- Opening Delimiter -

Lemma atom_sample_ge a r m :
  0 <= a <= amp_bound -> 0 < dist3 r (mic m) ->
  - far_atom_bound <= a * gamma kappa c fs mic r m 0.
Proof.
  intros Ha Hd. pose proof PI_RGT_0. pose proof far_atom_bound_nonneg.
  rewrite gamma_sample_0. set (d := dist3 r (mic m)) in *.
  assert (H4d : 0 < 4 * PI * d) by (apply Rmult_lt_0_compat; lra).
  destruct (Rle_lt_dec d del) as [Hnear|Hfar].
  - pose proof (Hkdel d (conj (Rlt_le _ _ Hd) Hnear)).
    assert (Hg : 0 <= kappa (- (d / c)) / (4 * PI * d)) by (apply Rdiv_le_0_compat; lra).
    pose proof (Rmult_le_pos _ _ (proj1 Ha) Hg). lra.
  - set (Z := B / (4 * PI * del)).
    assert (HZ : Rabs (kappa (- (d / c)) / (4 * PI * d)) <= Z).
    { unfold Rdiv, Z. rewrite Rabs_mult, (Rabs_right (/ (4 * PI * d)))
        by (apply Rle_ge, Rlt_le, Rinv_0_lt_compat; lra).
      apply Rmult_le_compat; [apply Rabs_pos|apply Rlt_le, Rinv_0_lt_compat; lra|apply HB|].
      apply Rinv_le_contravar; [apply Rmult_lt_0_compat; lra|].
      apply Rmult_le_compat_l; lra. }
    assert (E : far_atom_bound = amp_bound * Z) by (unfold far_atom_bound, Z, Rdiv; ring).
    pose proof (Rabs_maj2 (kappa (- (d / c)) / (4 * PI * d))).
    pose proof (Rle_trans _ _ _ (Rabs_pos _) HZ). nra.
Qed.

Lemma atom_sample_le a r k m :
  feasible c fs M N K mic a r -> objective kappa c fs lambda M N K mic x a r <= / 2 * X2 ->
  (k < K)%nat -> (m < M)%nat ->
  a k * gamma kappa c fs mic (r k) m 0 <= 2 * sqrt X2 + INR K * far_atom_bound.
Proof.
  intros Hf Hobj Hk Hm.
  pose proof (signal_sample_le a r m Hf Hobj Hm).
  pose proof (rsum_term_le_shift K (fun k' => a k' * gamma kappa c fs mic (r k') m 0) k
    far_atom_bound far_atom_bound_nonneg
    (fun k' Hk' => atom_sample_ge _ _ _ (amp_le_amp_bound a r k' Hf Hobj Hk')
                     (inC_dist_pos _ _ (proj2 (Hf k' Hk')) Hm)) Hk).
  unfold signal in *. lra.
Qed.

Lemma weight_le a r k m :
  feasible c fs M N K mic a r -> objective kappa c fs lambda M N K mic x a r <= / 2 * X2 ->
  (k < K)%nat -> (m < M)%nat -> a k / dist3 (r k) (mic m) <= weight_bound.
Proof.
  intros Hf Hobj Hk Hm. pose proof PI_RGT_0.
  pose proof (atom_sample_le a r k m Hf Hobj Hk Hm) as Hatom. rewrite gamma_sample_0 in Hatom.
  pose proof (amp_le_amp_bound a r k Hf Hobj Hk) as Ha.
  pose proof (inC_dist_pos _ _ (proj2 (Hf k Hk)) Hm) as Hd.
  set (d := dist3 (r k) (mic m)) in *.
  pose proof near_weight_bound_nonneg. pose proof (Rdiv_le_0_compat _ _ amp_bound_nonneg Hdel).
  unfold weight_bound.
  destruct (Rle_lt_dec d del) as [Hnear|Hfar].
  - pose proof (Hkdel d (conj (Rlt_le _ _ Hd) Hnear)).
    assert (0 <= a k / d) by (apply Rdiv_le_0_compat; lra).
    assert (E : a k * (kappa (- (d / c)) / (4 * PI * d)) =
                a k / d * kappa (- (d / c)) / (4 * PI)) by (field; lra).
    rewrite E in Hatom.
    apply Rmult_le_compat_l with (r := 4 * PI) in Hatom; [|lra].
    replace (4 * PI * (a k / d * kappa (- (d / c)) / (4 * PI)))
      with (a k / d * kappa (- (d / c))) in Hatom by (field; lra).
    assert (a k / d <= near_weight_bound).
    { unfold near_weight_bound. apply (Rmult_le_reg_r (kappa 0)); [exact Hk0|].
      unfold Rdiv at 2. rewrite Rmult_assoc, Rinv_l, Rmult_1_r by lra. nra. }
    lra.
  - assert (a k / d <= amp_bound / del).
    { unfold Rdiv. apply Rmult_le_compat; [lra|apply Rlt_le, Rinv_0_lt_compat; lra|lra|].
      apply Rinv_le_contravar; lra. }
    lra.
Qed.

Definition box_lo (i : param) : R :=
  match i with
  | Amp _ | Wgt _ _ => 0
  | PosX _ => fst (fst (mic 0%nat)) - range_max
  | PosY _ => snd (fst (mic 0%nat)) - range_max
  | PosZ _ => snd (mic 0%nat) - range_max
  end.

Definition box_hi (i : param) : R :=
  match i with
  | Amp _ => amp_bound
  | Wgt _ _ => weight_bound
  | PosX _ => fst (fst (mic 0%nat)) + range_max
  | PosY _ => snd (fst (mic 0%nat)) + range_max
  | PosZ _ => snd (mic 0%nat) + range_max
  end.

Definition in_box (p : param -> R) : Prop := forall i, box_lo i <= p i <= box_hi i.

Lemma lift_in_box a r :
  feasible c fs M N K mic a r -> objective kappa c fs lambda M N K mic x a r <= / 2 * X2 ->
  in_box (lift a r).
Proof.
  intros Hf Hobj.
  assert (Hrad : 0 <= range_max).
  { unfold range_max. apply Rmult_le_pos; [lra|]. apply Rdiv_le_0_compat; [apply pos_INR|lra]. }
  assert (Hpos : forall k,
    dist3 (if (k <? K)%nat then r k else mic 0%nat) (mic 0%nat) <= range_max).
  { intros k. destruct (Nat.ltb_spec k K) as [Hk|_].
    - apply (proj2 (Hf k Hk)). lia.
    - now rewrite dist3_refl. }
  pose proof amp_bound_nonneg.
  intros [k|k|k|k|k m]; cbn [lift box_lo box_hi];
    try (destruct (coords_le_dist3 (if (k <? K)%nat then r k else mic 0%nat) (mic 0%nat))
           as (Hx & Hy & Hz);
         apply Rabs_le_between'; eapply Rle_trans; [eassumption|apply Hpos]).
  - destruct (Nat.ltb_spec k K) as [Hk|_]; [now apply (amp_le_amp_bound a r)|lra].
  - pose proof weight_bound_nonneg.
    destruct (Nat.ltb_spec k K) as [Hk|_], (Nat.ltb_spec m M) as [Hm|_]; cbn [andb]; try lra.
    pose proof (inC_dist_pos _ _ (proj2 (Hf k Hk)) Hm).
    split; [apply Rdiv_le_0_compat; [apply (Hf k Hk)|lra]|now apply weight_le].
Qed.

Lemma lift_zero_amp r0 :
  inC c fs M N mic r0 ->
  in_box (lift (fun _ => 0) (fun _ => r0)) /\ relaxed_feasible (lift (fun _ => 0) (fun _ => r0)) /\
  relaxed_objective (lift (fun _ => 0) (fun _ => r0)) = / 2 * X2.
Proof.
  intros Hr0.
  assert (Hf : feasible c fs M N K mic (fun _ => 0) (fun _ => r0)) by (split; [lra|exact Hr0]).
  rewrite relaxed_objective_lift, objective_zero_amp by exact Hf.
  split; [|split; [|reflexivity]].
  - apply lift_in_box; [exact Hf|]. rewrite objective_zero_amp. lra.
  - now apply relaxed_feasible_lift.
Qed.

- Closing Delimiter -

TASK GOAL:
Copy the stretch of the records above that runs from the line with "0)); [exact Hk0|]." through the line with "fst (fst (mic 0%nat)) - range_max". Both end lines belong in the copy, and nothing else does.

EXERCISE RESPONSE:
    { unfold near_weight_bound. apply (Rmult_le_reg_r (kappa 0)); [exact Hk0|].
      unfold Rdiv at 2. rewrite Rmult_assoc, Rinv_l, Rmult_1_r by lra. nra. }
    lra.
  - assert (a k / d <= amp_bound / del).
    { unfold Rdiv. apply Rmult_le_compat; [lra|apply Rlt_le, Rinv_0_lt_compat; lra|lra|].
      apply Rinv_le_contravar; lra. }
    lra.
Qed.

Definition box_lo (i : param) : R :=
  match i with
  | Amp _ | Wgt _ _ => 0
  | PosX _ => fst (fst (mic 0%nat)) - range_max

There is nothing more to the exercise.